Keywords: emotional intelligence, digital technology, internet, media, neural activation, online searching
La evidencia científica que está surgiendo muestra que el empleo frecuente de la tecnología digital tiene un impacto significativo, tanto negativo como positivo, en la función cerebral y en el comportamiento. Los posibles efectos nocivos del tiempo prolongado frente a la pantalla y del empleo de la tecnología incluyen síntomas como marcado déficit de atención, deterioro de la inteligencia emocional y social, adicción a la tecnología, aislamiento social, deterioro del desarrollo cerebral y alteraciones del sueño. Sin embargo, hay varias aplicaciones, videojuegos y otras herramientas en línea que pueden beneficiar la salud del cerebro. En las imágenes cerebrales funcionales se ha observado que los adultos mayores vírgenes a internet que aprenden a buscar en línea, muestran aumentos significativos en la actividad neuronal cerebral durante las búsquedas simuladas en internet. Ciertos programas computacionales y videojuegos pueden mejorar la memoria, las destrezas en tareas múltiples, la fluidez de la inteligencia y otras habilidades cognitivas. Hay varias aplicaciones y herramientas digitales que ofrecen intervenciones en salud mental y que proporcionan automanejo, monitoreo, capacitación junto a otras intervenciones que pueden mejorar el estado de ánimo y el comportamiento. Se require de investigación adicional acerca de los efectos positivos y negativos de la tecnología sobre la salud del cerebro para dilucidar los mecanismos y las relaciones causales subyacentes.

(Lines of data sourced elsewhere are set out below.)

(* Let $(a,b,c)$ be a cyclic triple, assume (AW), that $(A^a,A^b)$ is a Leonard pair as in the context, and that $(A^b,A^c)$ is also a Leonard pair with eigenvalue orderings $\theta^b_0,\dots,\theta^b_{2s}$ and $\theta^c_0,\dots,\theta^c_{2s}$. Let $\{|\theta^b_M\rangle\}$ be the eigenbasis of $A^b$ attached to the pair $(A^a,A^b)$. Then for $0\le M\le 2s$, $$A^c|\theta^b_M\rangle=A^{(c,b)}_{M+1,M}\,\mathfrak g(M)\,|\theta^b_{M+1}\rangle+A^{(c,b)}_{M,M}|\theta^b_M\rangle+A^{(c,b)}_{M-1,M}\,\mathfrak g(M-1)^{-1}|\theta^b_{M-1}\rangle,$$ where $\mathfrak g(k)=q^{4k}\dfrac{\mathsf b^b}{\mathsf c^b}\cdot\dfrac{\mathsf c^bq^{-2k}+r_0q\,\mathsf c^a\mathsf b^c}{\mathsf b^bq^{2k}+r_0q^{-1}\mathsf c^a\mathsf b^c}$ (the last term is absent for $M=0$).
   Context: $q\in\mathbb C^*$ is not a root of unity, $s\in\{0,\tfrac12,1,\dots\}$, $\mathcal V$ a complex vector space of dimension $2s+1$ with identity $\mathbb I$; $[X,Y]_q=qXY-q^{-1}YX$. Labels range over $\{\cdot,*,\diamond\}$; $A^{\cdot}=A$, $\mathsf b^\cdot=\mathsf b$, $\mathsf c^\cdot=\mathsf c$. Fix nonzero $r_0,\mathsf b^a,\mathsf c^a$ with $r_0^{-2}=\mathsf b\mathsf c=\mathsf b^*\mathsf c^*=\mathsf b^\diamond\mathsf c^\diamond$; $\theta^a_M=\mathsf b^aq^{2M}+\mathsf c^aq^{-2M}$; for distinct $a,b,c$, $\omega^{\{a,b,c\}}=-(q-q^{-1})^2(\theta^a_s\theta^b_s-r_0^{-1}(q^{2s+1}+q^{-2s-1})\theta^c_s)$. For $A,A^*\in\mathrm{End}(\mathcal V)$ set $A^\diamond=\frac{r_0}{q^2-q^{-2}}[A^*,A]_q+\frac{r_0\omega^{\{\cdot,*,\diamond\}}}{(q-q^{-1})(q^2-q^{-2})}\mathbb I$. Hypothesis (AW): for every ordered pair $(a,b)$ of distinct labels, $c$ the remaining one, $[A^a,[A^a,A^b]_q]_{q^{-1}}=-\frac{(q^2-q^{-2})^2}{r_0^2}A^b+\omega^{\{a,b,c\}}A^a+\frac{q+q^{-1}}{r_0}\omega^{\{a,c,b\}}\mathbb I$. A Leonard pair on $\mathcal V$ is a pair of diagonalizable operators such that each has an eigenbasis in which the other is represented by an irreducible tridiagonal matrix. A cyclic triple is one of $(\cdot,*,\diamond),( *,\diamond,\cdot),(\diamond,\cdot,* )$. Coefficients: for a cyclic triple $(a,b,c)$, $A^{(b,a)}_{M,M-1}=q^{2-4s}\frac{(1-q^{2M})(\mathsf c^a-\mathsf b^aq^{2M+4s})(\mathsf b^b\mathsf b^cr_0q^{4s-1}+\mathsf b^aq^{2M-2})(\mathsf c^a\mathsf c^cr_0q^{-1}+\mathsf c^bq^{2M-2})}{(\mathsf c^a-\mathsf b^aq^{4M-2})(\mathsf c^a-\mathsf b^aq^{4M})}$, $A^{(b,a)}_{M-1,M}=\frac{(1-q^{2M-4s-2})(\mathsf c^a-\mathsf b^aq^{2M-2})(\mathsf c^a+\mathsf b^b\mathsf b^cr_0q^{2M+4s-1})(\mathsf c^b+\mathsf b^a\mathsf c^cr_0q^{2M-1})}{(\mathsf c^a-\mathsf b^aq^{4M-4})(\mathsf c^a-\mathsf b^aq^{4M-2})}$, $A^{(b,a)}_{M,M}=\theta^b_0-A^{(b,a)}_{M,M+1}-A^{(b,a)}_{M,M-1}$; coefficients with indices outside $\{0,\dots,2s\}$ are $0$. $A^{(a,b)}_{M,N}$ is the image of $A^{(b,a)}_{M,N}$ under $\mathsf b^a\leftrightarrow\mathsf b^b$, $\mathsf c^a\leftrightarrow\mathsf c^b$, $\mathsf b^c\mapsto q^{-4s}\mathsf c^c$, $\mathsf c^c\mapsto q^{4s}\mathsf b^c$. This defines $A^{(x,y)}$ for all six ordered pairs of distinct labels (in particular $A^{(c,b)}$ is obtained from the cyclic triple $(b,c,a)$). Bases attached to a Leonard pair: for cyclic $(a,b,c)$ with $(A^a,A^b)$ a Leonard pair (eigenvalue orderings $\theta^a_M,\theta^b_M$), there are bases $\{|\theta^a_M\rangle\}$, $\{|\theta^b_M\rangle\}$ with $A^a|\theta^a_M\rangle=\theta^a_M|\theta^a_M\rangle$, $A^b|\theta^a_M\rangle=A^{(b,a)}_{M+1,M}|\theta^a_{M+1}\rangle+A^{(b,a)}_{M,M}|\theta^a_M\rangle+A^{(b,a)}_{M-1,M}|\theta^a_{M-1}\rangle$, $A^b|\theta^b_M\rangle=\theta^b_M|\theta^b_M\rangle$, $A^a|\theta^b_M\rangle=A^{(a,b)}_{M+1,M}|\theta^b_{M+1}\rangle+A^{(a,b)}_{M,M}|\theta^b_M\rangle+A^{(a,b)}_{M-1,M}|\theta^b_{M-1}\rangle$; these are the bases ''attached to the pair $(A^a,A^b)$''. *)

From HB Require Import structures.
From mathcomp Require Import all_boot all_order all_algebra.
From mathcomp Require Import reals.
From mathcomp Require Export complex.
Set Implicit Arguments. Unset Strict Implicit. Unset Printing Implicit Defensive.
Import Order.TTheory GRing.Theory Num.Theory.
Local Open Scope ring_scope.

D’après de nouvelles données scientifiques, l’usage fréquent des technologies numériques influe significativement sur le comportement et le fonctionnement cérébral, de façon aussi bien négative que positive. Une pratique excessive des écrans et des technologies numériques peut avoir des effets néfastes comme des symptômes de déficit d'attention, une intelligence émotionnelle et sociale altérée, une dépendance à la technologie, un isolement social, un développement cérébral dégradé et des troubles du sommeil. Cependant, certaines applications, jeux vidéo et autres outils en ligne peuvent avoir des effets bénéfiques sur le cerveau. L'imagerie fonctionnelle montre une activité neuronale significativement augmentée chez des personnes âgées jamais exposées à Internet et qui apprennent à faire des recherches en ligne. Certains programmes informatiques et jeux vidéo peuvent améliorer la mémoire, les compétences multitâches, l'agilité de l’intelligence et d'autres capacités cognitives. Dans le domaine de la santé mentale, différents outils et applications numériques permettant l'autogestion, le suivi, l'acquisition de compétences et d'autres techniques sont susceptibles d'améliorer l'humeur et le comportement du patient. Les effets positifs et négatifs de la technologie sur la santé cérébrale nécessitent d’être encore étudiés afin d’en mieux comprendre les mécanismes et les relations de cause à effet.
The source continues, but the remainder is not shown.